══ Source material ══

(* Let $\Delta\ge 4$ be an integer and let $c_1,\dots,c_\Delta$ be defined by $c_\Delta=\frac{1}{\Delta}$ and $ic_i+c_{i+1}=1$ for $i=1,\dots,\Delta-1$. Let $\Delta'$ be an integer with $3\le \Delta'<\Delta$ and let $G\in\mathcal{G}_{\Delta'}$. Then $$\alpha(G)\ge \sum_{i=1}^{\Delta'} c_i|V_i(G)|.$$
   Context: All graphs are simple, finite and undirected. For an integer $D\ge 3$, $\mathcal{G}_{D}$ denotes the set of connected graphs $G\neq K_{D+1}$ with maximum degree $D$. For a graph $G$ and $i\ge 1$, $V_i(G)$ is the set of vertices of $G$ of degree $i$. $\alpha(G)$ is the independence number of $G$. *)

From HB Require Import structures.
From mathcomp Require Import all_boot all_order all_algebra.
Set Implicit Arguments. Unset Strict Implicit. Unset Printing Implicit Defensive.
Import Order.TTheory GRing.Theory Num.Theory.

Definition simple_graph (T : finType) (e : rel T) : Prop :=
  symmetric e /\ irreflexive e.

Definition deg (T : finType) (e : rel T) (x : T) : nat := #|[set y | e x y]|.

Definition Vdeg (T : finType) (e : rel T) (i : nat) : {set T} :=
  [set x | deg e x == i].

Definition connected_graph (T : finType) (e : rel T) : Prop :=
  forall x y : T, connect e x y.

Definition max_degree (T : finType) (e : rel T) (D : nat) : Prop :=
  (forall x, deg e x <= D) /\ (exists x, deg e x = D).

Definition is_complete (T : finType) (e : rel T) (n : nat) : Prop :=
  #|T| = n /\ (forall x y : T, x != y -> e x y).

Definition in_GD (D : nat) (T : finType) (e : rel T) : Prop :=
  simple_graph e /\ connected_graph e /\ max_degree e D /\ ~ is_complete e D.+1.

Definition independent (T : finType) (e : rel T) (S : {set T}) : bool :=
  [forall x in S, forall y in S, ~~ e x y].

Definition alpha (T : finType) (e : rel T) : nat :=
  \max_(S : {set T} | independent e S) #|S|.

(* c_aux D n = c_{D-n}, with c_D = 1/D and c_i = (1 - c_{i+1}) / i. *)
Fixpoint c_aux (D n : nat) : rat :=
  match n with
  | 0 => (D%:R)^-1
  | n'.+1 => (1 - c_aux D n') / ((D - n)%:R)
  end%R.

Definition c (D i : nat) : rat := c_aux D (D - i).

(* For an induced subgraph G[S], give a vertex of degree d in G[S] the weight
   1/(d+1) if its component is a clique, and c_d otherwise.  By induction on
   |S| the total weight is at most alpha(G[S]).  A clique component weighs 1 and
   is traded for one vertex of an independent set.  Otherwise let v have maximum
   degree M.  If a non-neighbour y of v lies in a clique component Q of G[S-v],
   then Q contains a neighbour of v and the recurrence i c_i + c_(i+1) = 1 bounds
   its weight in G[S] by 1, so Q is traded for y.  If not, deleting v loses c_M
   while each of its M neighbours gains at least c_(M-1) - c_M, and
   c_M <= M (c_(M-1) - c_M).  A connected graph that is not complete has no clique
   component, and then its total weight is sum_i c_i |V_i(G)|. *)

From mathcomp Require Import all_boot all_order all_algebra.
From mathcomp Require Import ring lra zify.
Set Implicit Arguments. Unset Strict Implicit. Unset Printing Implicit Defensive.
Import Order.TTheory GRing.Theory Num.Theory.
Local Open Scope ring_scope.

Lemma c_recurrence D j : (0 < j < D)%N -> j%:R * c D j + c D j.+1 = 1.
Proof.
case/andP=> j_gt0 jD; rewrite /c.
have -> : (D - j = (D - j.+1).+1)%N by lia.
rewrite /=; have -> : (D - (D - j.+1).+1 = j)%N by lia.
have jn0 : (j%:R : rat) != 0 by rewrite pnatr_eq0 -lt0n.
by field.
Qed.

Lemma c_bounds D j : (0 < j <= D)%N -> 1 <= j.+1%:R * c D j /\ j%:R * c D j <= 1.
Proof.
case/andP=> j_gt0 /subnKC <-; move: (D - j)%N => k.
elim: k j j_gt0 => [|k IH] j j_gt0.
  have c_top : j%:R * c (j + 0) j = 1.
    by rewrite /c addn0 subnn /= mulfV // pnatr_eq0 -lt0n.
  have : 0 <= c (j + 0) j by rewrite /c addn0 subnn /= invr_ge0 ler0n.
  by rewrite -addn1 natrD mulrDl c_top; lra.
have [lo hi] := IH j.+1 isT; rewrite !addSnnS in lo hi.
have rec := @c_recurrence (j + k.+1) j; rewrite j_gt0 /= in rec.
have {}rec := rec (ltac:(lia)).
rewrite -[j.+2]addn1 -[j.+1]addn1 !natrD in lo hi rec *.
have : (1 : rat) <= j%:R by rewrite ler1n.
split; nra.
Qed.

Section ExtendedCoefficients.
Variable D : nat.

(* [c D 0] is a junk value (a division by 0); [c_0 = 1] keeps the sequence
   antitone on [0, D]. *)
Definition c_ext k : rat := if k is 0%N then 1 else c D k.

Lemma c_ext_recurrence j : (0 < j < D)%N -> j%:R * c_ext j + c_ext j.+1 = 1.
Proof. by case: j => // j; apply: c_recurrence. Qed.

Lemma c_ext_bounds j : (j <= D)%N -> 1 <= j.+1%:R * c_ext j /\ j%:R * c_ext j <= 1.
Proof. by case: j => [|j] jD; [rewrite mul0r mulr1 ler01 | apply: c_bounds]. Qed.

Lemma c_ext_ge0 j : (j <= D)%N -> 0 <= c_ext j.
Proof.
move=> /c_ext_bounds[lo _]; rewrite -(pmulr_rge0 _ (ltr0Sn _ j)).
exact: le_trans ler01 lo.
Qed.

Lemma c_ext_antitone i j : (i <= j <= D)%N -> c_ext j <= c_ext i.
Proof.
case/andP=> ij jD; have iD := leq_trans ij jD.
have step k : (k < D)%N -> c_ext k.+1 <= c_ext k.
  move=> kD; have [lo _] := c_ext_bounds (ltnW kD); have [_ hi] := c_ext_bounds kD.
  by rewrite -(ler_pM2l (ltr0Sn _ k)); apply: le_trans lo.
apply: (@Order.NatMonotonyTheory.nonincn_inP _ _ [pred k | k <= D]%N) => //.
- by move=> a b /= _ bD k /andP[_ /ltnW /leq_trans]; apply.
- by move=> k _; apply: step.
Qed.

Lemma c_ext_clique m d : (m < d < D)%N -> c_ext d + m%:R * c_ext m <= 1.
Proof.
case/andP=> md dD; apply: le_trans (_ : c_ext m.+1 + m%:R * c_ext m <= 1).
  by rewrite lerD2r; apply: c_ext_antitone; rewrite md ltnW.
case: m md => [|m] md; last by rewrite addrC c_ext_recurrence //; lia.
by have [_] := c_ext_bounds (ltnW (leq_ltn_trans md dD)); rewrite mul1r mul0r addr0.
Qed.

Definition c_gap m := c_ext m.-1 - c_ext m.

Lemma c_gap_scaled m : (2 <= m < D)%N -> m.-1%:R * c_gap m = c_ext m.+1.
Proof.
case: m => [|m] // /andP[m_ge2 mD].
change (m%:R * (c_ext m - c_ext m.+1) = c_ext m.+2).
have rec1 : m%:R * c_ext m + c_ext m.+1 = 1 by apply: c_ext_recurrence; lia.
have rec2 : m.+1%:R * c_ext m.+1 + c_ext m.+2 = 1 by apply: c_ext_recurrence; lia.
rewrite -natr1 in rec2; lra.
Qed.

Lemma c_gap_antitone a b : (2 <= a <= b)%N -> (b < D)%N -> c_gap b <= c_gap a.
Proof.
case/andP=> a_ge2 ab bD.
have step m : (2 <= m)%N -> (m.+1 < D)%N -> c_gap m.+1 <= c_gap m.
  case: m => [|[|m]] // _ mD.
  have s1 : m.+1%:R * c_gap m.+2 = c_ext m.+3 by apply: c_gap_scaled; lia.
  have s2 : m.+2%:R * c_gap m.+3 = c_ext m.+4 by apply: c_gap_scaled; lia.
  have dec : c_ext m.+4 <= c_ext m.+3 by apply: c_ext_antitone; lia.
  have pos : 0 <= c_ext m.+3 by apply: c_ext_ge0; lia.
  have : (1 : rat) <= m.+1%:R by rewrite ler1n.
  rewrite -natr1 in s2; nra.
apply: (@Order.NatMonotonyTheory.nonincn_inP _ _ [pred k | 2 <= k < D]%N) => //=.
- move=> x y /andP[x2 _] /andP[_ yD] k /andP[xk ky].
  by rewrite inE (leq_trans x2 (ltnW xk)) (ltn_trans ky yD).
- by move=> k /andP[k2 _] /andP[_ kD]; apply: step.
- by rewrite inE (leq_trans a_ge2 ab).
- by rewrite inE a_ge2 (leq_ltn_trans ab).
Qed.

═══

### Exercise
The string "Lemma" appears on how many lines of the records? State the number alone.

### Exercise response
9